15403719_1819592128067032_6699556345869016139_oIt became clear Jack needed more structure to potty training. I know there is that “Potty train in 3 day” method. But I knew that was not for Jack. You cannot force a stubborn child to do things fast. I followed the advice that Pull-Ups suggests. Setting a timer and having him sit on the potty no matter what—even if he doesn’t go, he will just get used to the idea. Normally, I do not believe in bribing kids to jump developmental milestones. But I knew Jack’s stubbornness needed more motivation. So we made a potty chart. Dots for pee, X for poop. Nothing fancy, just something so he could visualize the progress. He picked the prize of a Shopkins play-set if he filled the whole chart. IMG_9619.JPG

At home, the timer and chart worked great! We started with the timer every 30 minutes for 2 days. Then stretched it to an hour. Then to 90 minutes two days later. He filled the chart and we were so happy! He was even doing great at daycare (he went for 4 hours twice a week then). So we put him in underwear and he got his prize. He still used Pull-ups at night just in case, but hardly needed them. But, we couldn’t keep him close to home forever. It was time to venture out into the real world.

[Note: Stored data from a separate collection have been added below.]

Definition ext_binom (x : rat) (k : nat) : rat :=
  (if (k.-1)%:R <= x then (\prod_(i < k) (x - i%:R)) / (k`!)%:R else 0)%R.

End Defs.

From Stdlib Require Import Rdefinitions Raxioms RIneq Rpower ClassicalDescription Lia.
From HB Require Import structures.
From mathcomp Require Import all_boot all_order all_algebra zify.
Import Order.TTheory GRing.Theory Num.Theory.
Set Implicit Arguments. Unset Strict Implicit. Unset Printing Implicit Defensive.

(* Let D be the set of chains of Gamma_{a,b} whose set Y contains y, so that d(y) = |D|,
   and order D by letting C precede C' when C lies on a lower level than C' and the
   smallest member of C containing y is contained in the smallest member of C' containing y.
   Sets through the common point y that are pairwise incomparable cross weakly, so fewer
   than k of them lie in F.  On one level, the maxima of chains in D are such sets (the
   chains are disjoint and their maxima form an antichain); across the levels met by an
   antichain of D, the smallest members through y are such sets (an inclusion would be a
   precedence, or would contradict the sizes of the levels).  Hence every antichain of D
   has at most (k-1)^2 elements, Mirsky's theorem yields a chain of length at least
   d(y)/(k-1)^2, and each k-element subchain, listed increasingly, is good for y. *)

Lemma pboolP (P : Prop) : reflect P (pbool P).
Proof. by rewrite /pbool; case: excluded_middle_informative => h; constructor. Qed.

Section Chains.
Variable n : nat.
Implicit Types (C : {set {set 'I_n}}) (X Z : {set 'I_n}).

Lemma chain_max_mem C : is_chain C -> C != set0 -> chain_max C \in C.
Proof.
move=> chC /set0Pn [X0 X0C].
have [X XC Xmax] := arg_maxnP (fun X => #|X|) (X0C : [pred X | X \in C] X0).
suff -> : chain_max C = X by [].
apply/eqP; rewrite eqEsubset (bigcup_sup X XC) andbT.
apply/bigcupsP => Z ZC; case/orP: (chC X Z XC ZC) => // XZ.
by have /eqP <- : X == Z by rewrite eqEcard XZ; apply: Xmax.
Qed.

Lemma chain_min_cont_mem C y : is_chain C -> y \in chain_max C ->
  chain_min_cont C y \in C /\ y \in chain_min_cont C y.
Proof.
move=> chC /bigcupP [X0 X0C yX0].
have X0P : [pred X | (X \in C) && (y \in X)] X0 by rewrite /= X0C.
have [X /andP [XC yX] Xmin] := arg_minnP (fun X => #|X|) X0P.
suff -> : chain_min_cont C y = X by [].
apply/eqP; rewrite eqEsubset (bigcap_inf X) ?XC //=.
apply/bigcapsP => Z /andP [ZC yZ]; case/orP: (chC X Z XC ZC) => // ZX.
by have /eqP -> : Z == X by rewrite eqEcard ZX; apply: Xmin; rewrite /= ZC.
Qed.

End Chains.

Lemma weakly_cross_free_antichain n k (F : {set {set 'I_n}}) (y : 'I_n)
    (T : finType) (A : {set T}) (f : T -> {set 'I_n}) :
  weakly_k_cross_free k F ->
  (forall x, x \in A -> f x \in F /\ y \in f x) ->
  {in A &, forall x x', x != x' -> ~~ (f x \subset f x')} ->
  (#|A| < k)%N.
Proof.
move=> crossF fA incomp; rewrite ltnNge.
apply/negP => /card_geqP [s [uniq_s size_s sA]].
have inj_f : {in [set x in s] &, injective f}.
  move=> x x'; rewrite !inE => xs x's fxx'; apply/eqP; apply: contraTT (subxx (f x)) => ne.
  by rewrite {2}fxx' incomp ?sA.
apply: (crossF (f @: [set x in s])).
- by apply/subsetP => Z /imsetP [x]; rewrite inE => xs ->; exact: (fA x (sA _ xs)).1.
- by rewrite card_in_imset // cardsE (card_uniqP uniq_s).
move=> X Z /imsetP [x]; rewrite inE => xs -> /imsetP [x']; rewrite inE => x's -> ne.
have nxx' : x != x' by apply: contraNneq ne => ->.
split; [|split].
- by rewrite setD_eq0 incomp ?sA.
- by rewrite setD_eq0 incomp ?sA // eq_sym.
- by apply/set0Pn; exists y; rewrite inE (fA x (sA _ xs)).2 (fA x' (sA _ x's)).2.
Qed.

(* The index [i] of the level [F_i] of a set of size [m], i.e. [2 ^ i < m <= 2 ^ i.+1]. *)
Definition level_of (m : nat) : nat := trunc_log 2 m.-1.

Definition chain_level n (C : {set {set 'I_n}}) : nat := level_of #|chain_max C|.

Section Levels.
Variables (n : nat) (F : {set {set 'I_n}}).

Lemma mem_levelP i X :
  X \in level F i -> [/\ X \in F, (2 ^ i < #|X|)%N & (#|X| <= 2 ^ i.+1)%N].
Proof. by rewrite inE => /andP [-> /andP [-> ->]]. Qed.

Lemma level_ofE i X : X \in level F i -> level_of #|X| = i.
Proof.
case/mem_levelP => _ lo hi; apply: trunc_log_eq => //.
by move: lo hi; set e := 2 ^ i; set e' := 2 ^ i.+1; lia.
Qed.

Lemma level_card_lt i j X Z :
  X \in level F i -> Z \in level F j -> (j < i)%N -> (#|Z| < #|X|)%N.
Proof.
case/mem_levelP => _ Xlo _ /mem_levelP [_ _ Zhi] ji.
by apply: leq_ltn_trans Zhi (leq_ltn_trans _ Xlo); rewrite leq_exp2l.
Qed.

End Levels.

Section ExtBinom.
Local Open Scope ring_scope.

Lemma ext_binom_le_binomial (k m : nat) (x : rat) :
  x <= m%:R -> ext_binom x k <= ('C(m, k))%:R.
Proof.
move=> xm; rewrite /ext_binom; case: ifP => kx; last by rewrite ler0n.
have km : (k.-1 <= m)%N by rewrite -(ler_nat rat); apply: le_trans xm.
have ik i : (i < k)%N -> (i <= k.-1)%N by case: k {kx km}.
have -> : ('C(m, k))%:R = (\prod_(i < k) (m%:R - i%:R)) / (k`!)%:R :> rat.
  rewrite -[LHS](@mulfK _ (k`!)%:R) ?pnatr_eq0 -?lt0n ?fact_gt0 //; congr (_ / _).
  rewrite -natrM bin_ffact ffact_prod natr_prod; apply: eq_bigr => i _.
  by rewrite natrB // (leq_trans (ik _ (ltn_ord i))).
apply: ler_wpM2r; first by rewrite invr_ge0 ler0n.
apply: ler_prod => i _; rewrite lerD2r xm andbT subr_ge0.
by apply: le_trans kx; rewrite ler_nat ik.
Qed.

However, things did not go well when we went out. He really did not like going in public restrooms. He just sat there and cried. There were several accidents and car wardrobe changes. Also, about this time we moved twice. Out of our apartment (they kicked us out to remodel but did not have a similar priced unit at the time) and into my parents house. Jack started to have more accidents at home because it was a very stressful time for lot of reasons. I went back to work so he spent more time at daycare or with my mom. He is very attached kid, this was too much change for him. 

He also got back-to-back illnesses for most of the winter—including 2 ER trips. We sadly had to go back to Pull–ups most days. I felt defeated. He felt defeated. I felt like we went back to square one.

We just kept pushing forward. He went back to asking him to go potty every hour. We sat down and talked to him after each accident. Sometimes this resulted in screaming from both parties, sometimes there were tears, and sometimes Jack understood.

In the spring things got better. We moved into our own home. Jack was thrilled to have his own room for the first time. And his own safe potty. He also stopped getting sick. Things settled down and he went back to no accidents within a month. He even ditched the Pull-Ups for nighttime. 

He walked into his 3-year Well Child appointment in underwear. I snapped the above photo because I was so proud. Part of parenting a high-needs, stubborn child requires you to understand they need time and space. They have their own timelines. Sometimes they are much faster than other kids. Sometimes they are very…painfully…slower…. than other kids. I offered Jack the structure and support. He followed the plan once he was ready. I will admit, I yelled at times and it definitely was wrong of me. That probably contributed to the set-backs. Everyone is human, so just apologize and do better the next time.

Give your stubborn child love, support—-and buy good detergent and carpet cleaner. It might not be easy, but they will do it.